The research also shows that there is a safe choice if doctors do need to use a macrolidelike antibiotic, he adds. The study found that macrolides such as erythromycin orclarithromycin increase the risk of hypotension if used in combination with a CCB, but a related antibiotic, azithromycin, does not.
Juurlink observes that "it's not wrong to use a macrolide [in a patient taking a CCB], but it's probably more sensible if you are going to use one to use azithromycin. If, for some reason, you had to use clarithromycin or erythromycin, it might be reasonable just to edge back a little bit on the dose of the CCB."
Biggest Risk With Erythromycin
In their population-based, nested, case-crossover study, Wright and colleagues analyzed the healthcare records of around a million individuals over the age of 65 who were receiving a single CCB between 1994 and 2009. Of these patients, 7100 were admitted to hospital for hypotension or shock, and 176 had received a macrolide antibiotic (36 received erythromycin, 100 received clarithromycin, and 40 received azithromycin) in a seven-day interval immediately before admission to the hospital or in a seven-day control interval one month earlier.
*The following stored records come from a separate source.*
Lemma expand_inner (x y : H) (e : Cplx) :
  hinner (hadd x (hscal e y)) (hadd x (hscal e y)) =
  Cadd (Cadd (hinner x x) (Cmul e (hinner y x)))
       (Cadd (Cmul (Cconj e) (hinner x y)) (Cmul (Cmul e (Cconj e)) (hinner y y))).
Proof. exact (sesquilinear_expand H _ _ whole_space_subspace hinner_sesquilinear x y e I I). Qed.

Lemma hinner_self_real (x : H) : hinner x x = RtoC (Re (hinner x x)).
Proof. apply Ceq; [reflexivity | apply (hinner_pos H x)]. Qed.

Lemma hinner_self_pos (x : H) : x <> hzero -> 0 < Re (hinner x x).
Proof.
  intro Hx; destruct (proj2 (hinner_pos H x)) as [Hpos | Hzero]; [exact Hpos |].
  exfalso; apply Hx, hinner_def; rewrite hinner_self_real, <- Hzero; reflexivity.
Qed.

(* A vector orthogonal to a dense set vanishes: otherwise no element of the
   set could approximate it better than its own norm. *)
Lemma orthogonal_to_dense_zero (D : H -> Prop) (v : H) :
  densely_defined H D -> (forall g, D g -> hinner v g = C0) -> v = hzero.
Proof.
  intros Hdense Horth; apply NNPP; intro Hv.
  pose proof (hinner_self_pos v Hv) as Hvv.
  destruct (Hdense v _ (sqrt_lt_R0 _ Hvv)) as [y [Dy Hy]].
  unfold hnorm, hsub in Hy; rewrite hopp_scal, expand_inner in Hy.
  rewrite (hinner_conj H v y), (Horth y Dy) in Hy.
  apply sqrt_lt_0_alt in Hy.
  pose proof (proj2 (hinner_pos H y)) as Hyy.
  revert Hy Hyy; generalize (hinner v v) (hinner y y); intros c d Hy Hyy.
  cunf; nra.
Qed.

End HilbertSpace.

Section BoundaryForm.
Variable H : ComplexHilbertSpace.
Variable D : H -> Prop.
Variable B : H -> H -> Cplx.
Hypothesis HD : subspace H D.
Hypothesis HB : sesquilinear_on H D B.

Definition form_range (w : Cplx) : Prop := exists h, D h /\ hnorm H h = 1 /\ B h h = w.

Lemma form_range_rescale (h : H) (N : R) (w : Cplx) :
  D h -> 0 < N -> hinner h h = RtoC N -> B h h = Cmul w (RtoC N) -> form_range w.
Proof.
  intros Dh HN Hhh HBhh.
  set (s := / sqrt N).
  assert (Hs : s * s * N = 1).
  { pose proof (sqrt_sqrt N (Rlt_le _ _ HN)) as Hsq; pose proof (sqrt_lt_R0 N HN).
    unfold s; rewrite <- Hsq at 3; field; lra. }
  exists (hscal (RtoC s) h); split; [now apply subspace_scal | split].
  - unfold hnorm; rewrite hinner_scal, hinner_scal_r, Hhh.
    replace (Re (Cmul (RtoC s) (Cmul (Cconj (RtoC s)) (RtoC N)))) with (s * s * N)
      by (cunf; ring).
    rewrite Hs; apply sqrt_1.
  - rewrite (sesq_scall _ _ _ HB), (sesq_scalr _ _ _ HB), HBhh
      by (try apply subspace_scal; auto).
    transitivity (Cmul w (RtoC (s * s * N))); [cring | rewrite Hs; cring].
Qed.

(* Let f <> 0 satisfy B f h = lam <f,h> on D, and let g in D be orthogonal to f
   with B g f <> 0.  Then every w close to lam is B h h / <h,h> for some
   h = f + e g: the numerical range contains a whole disc around lam. *)
Lemma form_range_covers_disc (lam : Cplx) (f g : H) :
  D f -> D g -> f <> hzero ->
  (forall h, D h -> B f h = Cmul lam (hinner f h)) ->
  hinner g f = C0 -> B g f <> C0 ->
  exists d, 0 < d /\ forall w, Cmod (Csub w lam) < d -> form_range w.
Proof.
  intros Df Dg Hf0 Hf Hgf Ha.
  set (n := Re (hinner f f)); set (q := Re (hinner g g)).
  assert (Hn : 0 < n) by (now apply hinner_self_pos).
  assert (Hq : 0 <= q) by apply (hinner_pos H g).
  assert (Hff : hinner f f = RtoC n) by apply hinner_self_real.
  assert (Hgg : hinner g g = RtoC q) by apply hinner_self_real.
  assert (Hfg : hinner f g = C0) by (rewrite hinner_conj, Hgf; cring).
  assert (HBff : B f f = Cmul lam (RtoC n)) by (rewrite Hf, Hff; auto).
  assert (HBfg : B f g = C0) by (rewrite Hf, Hfg by auto; cring).
  destruct (perturbed_quadratic_solvable n q (B g f) (B g g) lam (Rlt_le _ _ Hn) Ha)
    as [d [Hd Hsolve]].
  exists d; split; [exact Hd |]; intros w Hw.
  destruct (Hsolve w Hw) as [e He].
  set (h := hadd f (hscal e g)).
  set (N := n + Cnorm2 e * q).
  assert (Dh : D h) by (apply subspace_add, subspace_scal; auto).
  assert (HN : 0 < N) by (pose proof (Cnorm2_nonneg e); unfold N; nra).
  assert (Hhh : hinner h h = RtoC N).
  { unfold h; rewrite expand_inner, Hff, Hfg, Hgf, Hgg; unfold N; cring. }
  assert (HBhh : B h h = Cmul w (RtoC N)).
  { unfold h; rewrite (sesquilinear_expand H D B HD HB) by auto.
    rewrite HBff, HBfg.
    transitivity
      (Cadd (Cadd (Cmul lam (RtoC n)) (Cmul (RtoC (Cnorm2 e)) (Cmul w (RtoC q))))
            (Cadd (Cmul e (B g f))
                  (Cmul (RtoC (Cnorm2 e)) (Csub (B g g) (Cmul w (RtoC q))))));
      [cring | rewrite He; unfold N; cring]. }
  exact (form_range_rescale h N w Dh HN Hhh HBhh).
Qed.

(* Orthogonalise g against f; a nonzero value of
   B on the orthogonal part would put a disc around lam inside the range. *)
Lemma boundary_eigenvector_transpose (lam : Cplx) (f : H) :
  exterior_approaches form_range lam -> D f ->
  (forall h, D h -> B f h = Cmul lam (hinner f h)) ->
  forall g, D g -> B g f = Cmul lam (hinner g f).
Proof.
  intros Hext Df Hf g Dg.
  destruct (classic (f = hzero)) as [Hf0 | Hf0].
  { subst f; rewrite <- (hscal0 H hzero), (sesq_scalr _ _ _ HB), hinner_scal_r by auto.
    generalize (B g hzero) (hinner g hzero); intros; cring. }
  set (n := Re (hinner f f)).
  assert (Hn : 0 < n) by (now apply hinner_self_pos).
  assert (Hff : hinner f f = RtoC n) by apply hinner_self_real.
  set (k := Cmul (hinner g f) (RtoC (/ n))).
  set (g' := hadd g (hscal (Copp k) f)).
  assert (Dg' : D g') by (apply subspace_add, subspace_scal; auto).
  assert (Hg'f : hinner g' f = C0).
  { unfold g', k; rewrite hinner_add, hinner_scal, Hff.
    apply Ceq; cunf; field; lra. }
  assert (HBg'f : B g' f = Cadd (B g f) (Cmul (Copp k) (Cmul lam (RtoC n)))).
  { unfold g'; rewrite (sesq_addl _ _ _ HB), (sesq_scall _ _ _ HB), Hf, Hff
      by (try apply subspace_scal; auto); reflexivity. }
  assert (Hzero : B g' f = C0).
  { apply NNPP; intro Ha.
    destruct (form_range_covers_disc lam f g' Df Dg' Hf0 Hf Hg'f Ha) as [d [Hd Hdisc]].
    destruct (Hext d Hd) as [w [Hw Hwd]].
    exact (Hw (Hdisc w Hwd)). }
  rewrite Hzero in HBg'f.
  transitivity (Cmul k (Cmul lam (RtoC n))).
  - transitivity (Cadd (Cadd (B g f) (Cmul (Copp k) (Cmul lam (RtoC n))))
                        (Cmul k (Cmul lam (RtoC n))));
      [cring | rewrite <- HBg'f; cring].
  - unfold k; apply Ceq; cunf; field; lra.
Qed.

End BoundaryForm.

Section Operator.
Variable H : ComplexHilbertSpace.
Variable D : H -> Prop.
Variable Z : H -> H.
Hypothesis Hlin : is_linear_operator H D Z.

Lemma operator_domain_subspace : subspace H D.
Proof.
  destruct Hlin as [_ [Hadd Hscal]]; split.
  - intros x y Dx Dy; exact (proj1 (Hadd x y Dx Dy)).
  - intros a x Dx; exact (proj1 (Hscal a x Dx)).
Qed.

(* (x, y) |-> <Z x, y>, whose numerical range is that of Z. *)
Lemma operator_form_sesquilinear : sesquilinear_on H D (fun x y => hinner (Z x) y).
Proof.
  destruct Hlin as [_ [Hadd Hscal]]; split; intros.
  - destruct (Hadd x y) as [_ ->]; auto; apply hinner_add.
  - destruct (Hscal a x) as [_ ->]; auto; apply hinner_scal.
  - apply hinner_add_r.
  - apply hinner_scal_r.
Qed.

(* (x, y) |-> <x, Z y>, whose numerical range is the conjugate of that of Z. *)
Lemma adjoint_form_sesquilinear : sesquilinear_on H D (fun x y => Cconj (hinner (Z y) x)).
Proof.
  destruct Hlin as [_ [Hadd Hscal]]; split; intros.
  - rewrite hinner_add_r; generalize (hinner (Z z) x) (hinner (Z z) y); intros; cring.
  - rewrite hinner_scal_r; generalize (hinner (Z z) x); intros; cring.
  - destruct (Hadd x y) as [_ ->]; auto; rewrite hinner_add.
    generalize (hinner (Z x) z) (hinner (Z y) z); intros; cring.
  - destruct (Hscal a x) as [_ ->]; auto; rewrite hinner_scal.
    generalize (hinner (Z x) z); intros; cring.
Qed.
For each antibiotic, the researchers estimated the risk of hypotension or shock associated with the use of a CCB.
They found a strong association between erythromycin use and hospital admission for hypotension, with an almost sixfold increased risk of low BP (odds ratio 5.8), and a lower but still significant risk associated with the use of clarithromycin (OR 3.7). In contrast, there was no such link with azithromycin use (OR 1.5).
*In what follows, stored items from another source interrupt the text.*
Lemma card_common_heavy_ge x y : x != y ->
    (2 ^- p.+1 + eps) * 'C(n - 1, p.+1)%:R <= (deg E x)%:R ->
    (2 ^- p.+1 + eps) * 'C(n - 1, p.+1)%:R <= (deg E y)%:R ->
  2 * excess * N%:R <= #|heavy x y :&: heavy y x|%:R.
Proof.
move=> xy deg_x deg_y; have yx : y != x by rewrite eq_sym.
have union_le : (#|heavy x y :|: heavy y x| <= N)%N.
  rewrite -[n in (n - 2)%N]card_ord -(card_setC2 xy) subset_leq_card //.
  by apply/subsetP => w; rewrite !inE => /orP[] /andP[]; rewrite // orbC.
have card_eq : #|heavy x y :|: heavy y x|%:R + #|heavy x y :&: heavy y x|%:R =
    #|heavy x y|%:R + #|heavy y x|%:R :> R by rewrite -!natrD cardsUI.
move: union_le; rewrite -(ler_nat R) => union_le.
have := card_heavy_ge xy deg_x; have := card_heavy_ge yx deg_y; lra.
Qed.

Lemma path_const_expn_le :
  path_const * n%:R ^+ (2 * p).+1 <= excess * heavy_const ^+ 2 * N%:R ^+ (2 * p).+1.
Proof.
rewrite /path_const mulrAC ler_pdivrMr ?exprn_gt0 // -[leRHS]mulrA -exprMn.
apply: ler_wpM2l; first by rewrite mulr_ge0 ?exprn_ge0 ?ltW ?excess_gt0 ?heavy_const_gt0.
by apply: lerXn2r; rewrite ?nnegrE ?mulr_ge0 ?ler0n // -natrM ler_nat; lia.
Qed.

Hypothesis large_path : p%:R <= path_const * n%:R.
Juurlink explains that, pharmacologically, macrolide antibiotics inhibit a cytochrome P450 enzyme, which metabolizes all CCBs, so their use can lead to the accumulation of the CCB and potential toxicity. But azithromycin does not inhibit this cytochrome P450 enzyme. The use of combination CCBs and macrolide antibiotics "isn't exactly uncommon, but no one has actually ever attached a measure of how dangerous the combination is, and that's what this study does," he notes.
The findings, says Juurlink, apply to all CCBs, because they are all metabolized by the same pathway, although it may be a bigger problem with some than others, he says, adding that his team could not examine the risks for separate CCBs because of a lack of statistical power.
Nevertheless, the results "have considerable clinical relevance, highlighting the consequences of an underappreciated yet avoidable drug interaction involving medications used by millions of people every year. Clinicians should be aware of the potential interaction between these drugs," he and his colleagues state.
Juurlink adds that although the use of erythromycin is declining, clarithromycin is still used frequently. "But I don't think clarithromycin and azithromycin are that different in price, quite frankly, so the latter represents a good choice if macrolide antibiotic therapy is required."